Collected data entries:
Lemma sum_mem_pairl (T U : finType) (A : {set T * U}) (t : T) :
  \sum_(u : U) ((t, u) \in A) = \sum_(e in A) (e.1 == t).
Proof.
transitivity (\sum_(x : T) \sum_(u : U) (if (x, u) \in A then nat_of_bool (x == t) else 0)).
  rewrite (bigD1 t) //= [X in _ + X]big1 ?addn0 => [|x /negbTE neq_xt].
    by apply: eq_bigr => u _; rewrite eqxx; case: (_ \in A).
  by apply: big1 => u _; rewrite neq_xt if_same.
by rewrite pair_bigA [RHS]big_mkcond; apply: eq_bigr => -[x u].
Qed.

Lemma sum_mem_pairr (T U : finType) (A : {set T * U}) (u : U) :
  \sum_(t : T) ((t, u) \in A) = \sum_(e in A) (e.2 == u).
Proof.
transitivity (\sum_(t : T) \sum_(y : U) (if (t, y) \in A then nat_of_bool (y == u) else 0)).
  apply: eq_bigr => t _; rewrite (bigD1 u) //= big1 ?addn0 => [|y /negbTE neq_yu].
    by rewrite eqxx; case: (_ \in A).
  by rewrite neq_yu if_same.
by rewrite pair_bigA [RHS]big_mkcond; apply: eq_bigr => -[x y].
Qed.

Lemma flow_bound_Nvec n : n <= flow_bound (@Nvec n).
Proof. by rewrite /flow_bound big_ord_recr /= /Nvec /= eqxx abszN absz_nat leq_addl. Qed.

Section ChordFlow.
Variable n : nat.
Local Notation V := 'I_n.+1.
Implicit Types (S P : {set V * V}) (i j : V).

Definition chord_span S (x : nat) : nat := \sum_(e in S) (e.1 < x <= e.2).

Definition chord_flow S i j : nat :=
  (if j == i.+1 :> nat then j - chord_span S j else 0) + ((i, j) \in S).

Definition chord_flow_fun S : {ffun V * V -> 'I_(flow_bound (@Nvec n)).+1} :=
  [ffun e => inord (chord_flow S e.1 e.2)].

Lemma chord_flow_chord S i j : i.+1 < j -> chord_flow S i j = ((i, j) \in S).
Proof. by move=> lt_ij; rewrite /chord_flow ifN_eq //; apply/eqP; lia. Qed.

Section OneSet.
Variable S : {set V * V}.
Hypothesis S_long : forall e, e \in S -> e.1.+1 < e.2.
Hypothesis S_span : forall x, chord_span S x <= x.

Lemma chord_flow_le i j : chord_flow S i j <= j.
Proof.
rewrite /chord_flow; case: (boolP ((i, j) \in S)) => [/S_long /= lt_ij | _].
  by rewrite ifN_eq ?addn1 //; apply/eqP; lia.
by case: eqP => _; rewrite addn0 ?leq_subr.
Qed.

Lemma chord_flow_eq0 i j : j <= i -> chord_flow S i j = 0.
Proof.
move=> le_ji; rewrite /chord_flow ifN_eq; last by apply/eqP; lia.
by case: (boolP ((i, j) \in S)) => // /S_long /=; lia.
Qed.

Lemma chord_flow_funE e : chord_flow_fun S e = chord_flow S e.1 e.2 :> nat.
Proof.
rewrite ffunE inordK // ltnS; apply: leq_trans (chord_flow_le _ _) _.
by apply: leq_trans (flow_bound_Nvec n); rewrite -ltnS.
Qed.

Lemma chord_span_step x :
  chord_span S x.+1 + \sum_(e in S) (e.2 == x :> nat)
  = chord_span S x + \sum_(e in S) (e.1 == x :> nat).
Proof. by rewrite -!big_split; apply: eq_bigr => e /S_long /=; lia. Qed.

Lemma chord_span_last : chord_span S n.+1 = 0.
Proof. by rewrite /chord_span big1 // => e _; have := ltn_ord e.2; lia. Qed.

Lemma chord_outflow i :
  \sum_(j < n.+1 | i < j) chord_flow S i j
  = (if i < n then i.+1 - chord_span S i.+1 else 0) + \sum_(e in S) (e.1 == i :> nat).
Proof.
rewrite big_mkcond /= (eq_bigr (chord_flow S i)); last first.
  by move=> j _; case: ltnP => // le_ji; rewrite chord_flow_eq0.
rewrite big_split /= sum_mem_pairl; congr (_ + _).
rewrite -(big_mkcond (fun j : V => j == i.+1 :> nat)).
by rewrite (big_ord1_eq _ (fun x => x - chord_span S x)) ltnS.
Qed.

Lemma chord_inflow i :
  \sum_(k < n.+1 | k < i) chord_flow S k i = i - chord_span S i + \sum_(e in S) (e.2 == i :> nat).
Proof.
rewrite big_mkcond /= (eq_bigr (chord_flow S ^~ i)); last first.
  by move=> k _; case: ltnP => // le_ik; rewrite chord_flow_eq0.
rewrite big_split /= sum_mem_pairr; congr (_ + _).
case: (posnP i) => [i0 | i_gt0].
  by rewrite i0 sub0n big1 // => k _; case: ifP.
rewrite (eq_bigr (fun k : V => if k == i.-1 :> nat then i - chord_span S i else 0)); last first.
  by move=> k _; have -> : (i == k.+1 :> nat) = (k == i.-1 :> nat) by lia.
rewrite -(big_mkcond (fun k : V => k == i.-1 :> nat)).
by rewrite (big_ord1_eq _ (fun _ => i - chord_span S i)) ifT //; have := ltn_ord i; lia.
Qed.

Lemma chord_flow_fun_is_flow : is_int_flow (chord_flow_fun S).
Proof.
apply/andP; split.
  apply/forallP => i; apply/forallP => j; apply/implyP => le_ji.
  by rewrite chord_flow_funE chord_flow_eq0.
apply/forallP => i.
under eq_bigr do rewrite chord_flow_funE.
under [X in (_ - X%:Z)%R]eq_bigr do rewrite chord_flow_funE.
rewrite /= chord_outflow chord_inflow /Nvec.
have := chord_span_step i; have := S_span i; have := S_span i.+1.
case: (ltngtP i n) => [lt_in | | eq_in].
- by move=> *; apply/eqP; lia.
- by move=> lt_ni; have := ltn_ord i; rewrite ltnS leqNgt lt_ni.
- by rewrite eq_in chord_span_last => *; apply/eqP; lia.
Qed.

End OneSet.

Lemma chord_span_sub S P x : S \subset P -> chord_span S x <= chord_span P x.
Proof.
move=> sSP; rewrite /chord_span [X in X <= _]big_mkcond [X in _ <= X]big_mkcond /=.
by apply: leq_sum => e _; case: ifP => // /(subsetP sSP) ->.
Qed.

Lemma chord_flow_fun_inj P : (forall e, e \in P -> e.1.+1 < e.2) ->
  {in powerset P &, injective chord_flow_fun}.
Proof.
move=> P_long S1 S2; rewrite !inE => sub1 sub2 eq_flow; apply/setP => e.
have [eP | eNP] := boolP (e \in P); last first.
  by rewrite (contraNF (subsetP sub1 e)) // (contraNF (subsetP sub2 e)).
have long_sub S : S \subset P -> forall e, e \in S -> e.1.+1 < e.2.
  by move=> sSP e' /(subsetP sSP)/P_long.
move/ffunP/(_ e)/(congr1 val): eq_flow => /=.
rewrite (chord_flow_funE (long_sub _ sub1)) (chord_flow_funE (long_sub _ sub2)).
rewrite !(chord_flow_chord _ (P_long _ eP)) -surjective_pairing.
by case: (e \in S1); case: (e \in S2).
Qed.

Lemma exp2_card_le_c P : (forall e, e \in P -> e.1.+1 < e.2) ->
  (forall x, chord_span P x <= x) -> 2 ^ #|P| <= c n.
Proof.
move=> P_long P_span; rewrite -card_powerset -(card_in_imset (chord_flow_fun_inj P_long)).
apply: subset_leq_card; apply/subsetP => f /imsetP[S + ->]; rewrite powersetE => sSP.
rewrite inE; apply: chord_flow_fun_is_flow => [e /(subsetP sSP)/P_long // | x].
exact: leq_trans (chord_span_sub x sSP) (P_span x).
Qed.

End ChordFlow.

Section BandedChords.
Variables (n w : nat).
Hypothesis w_small : w * (w + 2) <= n.
Local Notation m := (n - w * (w + 2)).
Local Notation o := (w * w.+1).

Definition banded_chord (p : 'I_m * 'I_w) : 'I_n.+1 * 'I_n.+1 :=
  (inord (o + p.1), inord (o + p.1 + p.2.+2)).

Definition banded_chords := [set banded_chord p | p : 'I_m * 'I_w].

Lemma banded_chord_fst p : (banded_chord p).1 = o + p.1 :> nat.
Proof. by rewrite inordK //; have := ltn_ord p.1; lia. Qed.

Lemma banded_chord_snd p : (banded_chord p).2 = o + p.1 + p.2.+2 :> nat.
Proof. by rewrite inordK //; have := ltn_ord p.1; have := ltn_ord p.2; lia. Qed.

Lemma banded_chord_inj : injective banded_chord.
Proof.
move=> [a d] [b f] eq_chord.
have eq1 : (banded_chord (a, d)).1 = (banded_chord (b, f)).1 :> nat by rewrite eq_chord.
have eq2 : (banded_chord (a, d)).2 = (banded_chord (b, f)).2 :> nat by rewrite eq_chord.
move: eq1 eq2; rewrite !banded_chord_fst !banded_chord_snd /= => eq1 eq2.
by congr (_, _); apply: val_inj => /=; lia.
Qed.

Lemma card_banded_chords : #|banded_chords| = m * w.
Proof. by rewrite card_imset ?cardsT ?card_prod ?card_ord //; exact: banded_chord_inj. Qed.

Lemma banded_chords_long e : e \in banded_chords -> e.1.+1 < e.2.
Proof. by case/imsetP => p _ ->; rewrite banded_chord_fst banded_chord_snd; lia. Qed.

Lemma banded_chords_span x : chord_span banded_chords x <= x.
Proof.
rewrite /chord_span big_imset; last by move=> p q _ _; apply: banded_chord_inj.
have [le_xo | lt_ox] := leqP x o.
  by rewrite big1 // => p _; rewrite banded_chord_fst; lia.
apply: leq_trans (ltnW lt_ox).
apply: (@leq_trans (\sum_(p : 'I_m * 'I_w) (p.1 <= x - o.+1 < p.1 + w.+1))).
  apply: leq_sum => -[a d] _; rewrite banded_chord_fst banded_chord_snd /=.
  case/boolP: (_ < x <= _) => //= /andP[lo hi].
  by rewrite lt0b; have lt_dw := ltn_ord d; apply/andP; split; lia.
rewrite -(pair_bigA _ (fun (a : 'I_m) (_ : 'I_w) => nat_of_bool (a <= x - o.+1 < a + w.+1))) /=.
under eq_bigr do rewrite sum_nat_const card_ord.
by rewrite -big_distrr leq_mul2l sum_window_le orbT.
Qed.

Required action: Output, from the data above, the lines from the line with "by rewrite pair_bigA [RHS]big_mkcond; apply: eq_bigr => -[x u]." to the line with "rewrite ffunE inordK" exactly as they stand, both ends included and nothing else.

Result of this task:
by rewrite pair_bigA [RHS]big_mkcond; apply: eq_bigr => -[x u].
Qed.

Lemma sum_mem_pairr (T U : finType) (A : {set T * U}) (u : U) :
  \sum_(t : T) ((t, u) \in A) = \sum_(e in A) (e.2 == u).
Proof.
transitivity (\sum_(t : T) \sum_(y : U) (if (t, y) \in A then nat_of_bool (y == u) else 0)).
  apply: eq_bigr => t _; rewrite (bigD1 u) //= big1 ?addn0 => [|y /negbTE neq_yu].
    by rewrite eqxx; case: (_ \in A).
  by rewrite neq_yu if_same.
by rewrite pair_bigA [RHS]big_mkcond; apply: eq_bigr => -[x y].
Qed.

Lemma flow_bound_Nvec n : n <= flow_bound (@Nvec n).
Proof. by rewrite /flow_bound big_ord_recr /= /Nvec /= eqxx abszN absz_nat leq_addl. Qed.

Section ChordFlow.
Variable n : nat.
Local Notation V := 'I_n.+1.
Implicit Types (S P : {set V * V}) (i j : V).

Definition chord_span S (x : nat) : nat := \sum_(e in S) (e.1 < x <= e.2).

Definition chord_flow S i j : nat :=
  (if j == i.+1 :> nat then j - chord_span S j else 0) + ((i, j) \in S).

Definition chord_flow_fun S : {ffun V * V -> 'I_(flow_bound (@Nvec n)).+1} :=
  [ffun e => inord (chord_flow S e.1 e.2)].

Lemma chord_flow_chord S i j : i.+1 < j -> chord_flow S i j = ((i, j) \in S).
Proof. by move=> lt_ij; rewrite /chord_flow ifN_eq //; apply/eqP; lia. Qed.

Section OneSet.
Variable S : {set V * V}.
Hypothesis S_long : forall e, e \in S -> e.1.+1 < e.2.
Hypothesis S_span : forall x, chord_span S x <= x.

Lemma chord_flow_le i j : chord_flow S i j <= j.
Proof.
rewrite /chord_flow; case: (boolP ((i, j) \in S)) => [/S_long /= lt_ij | _].
  by rewrite ifN_eq ?addn1 //; apply/eqP; lia.
by case: eqP => _; rewrite addn0 ?leq_subr.
Qed.

Lemma chord_flow_eq0 i j : j <= i -> chord_flow S i j = 0.
Proof.
move=> le_ji; rewrite /chord_flow ifN_eq; last by apply/eqP; lia.
by case: (boolP ((i, j) \in S)) => // /S_long /=; lia.
Qed.

Lemma chord_flow_funE e : chord_flow_fun S e = chord_flow S e.1 e.2 :> nat.
Proof.
rewrite ffunE inordK // ltnS; apply: leq_trans (chord_flow_le _ _) _.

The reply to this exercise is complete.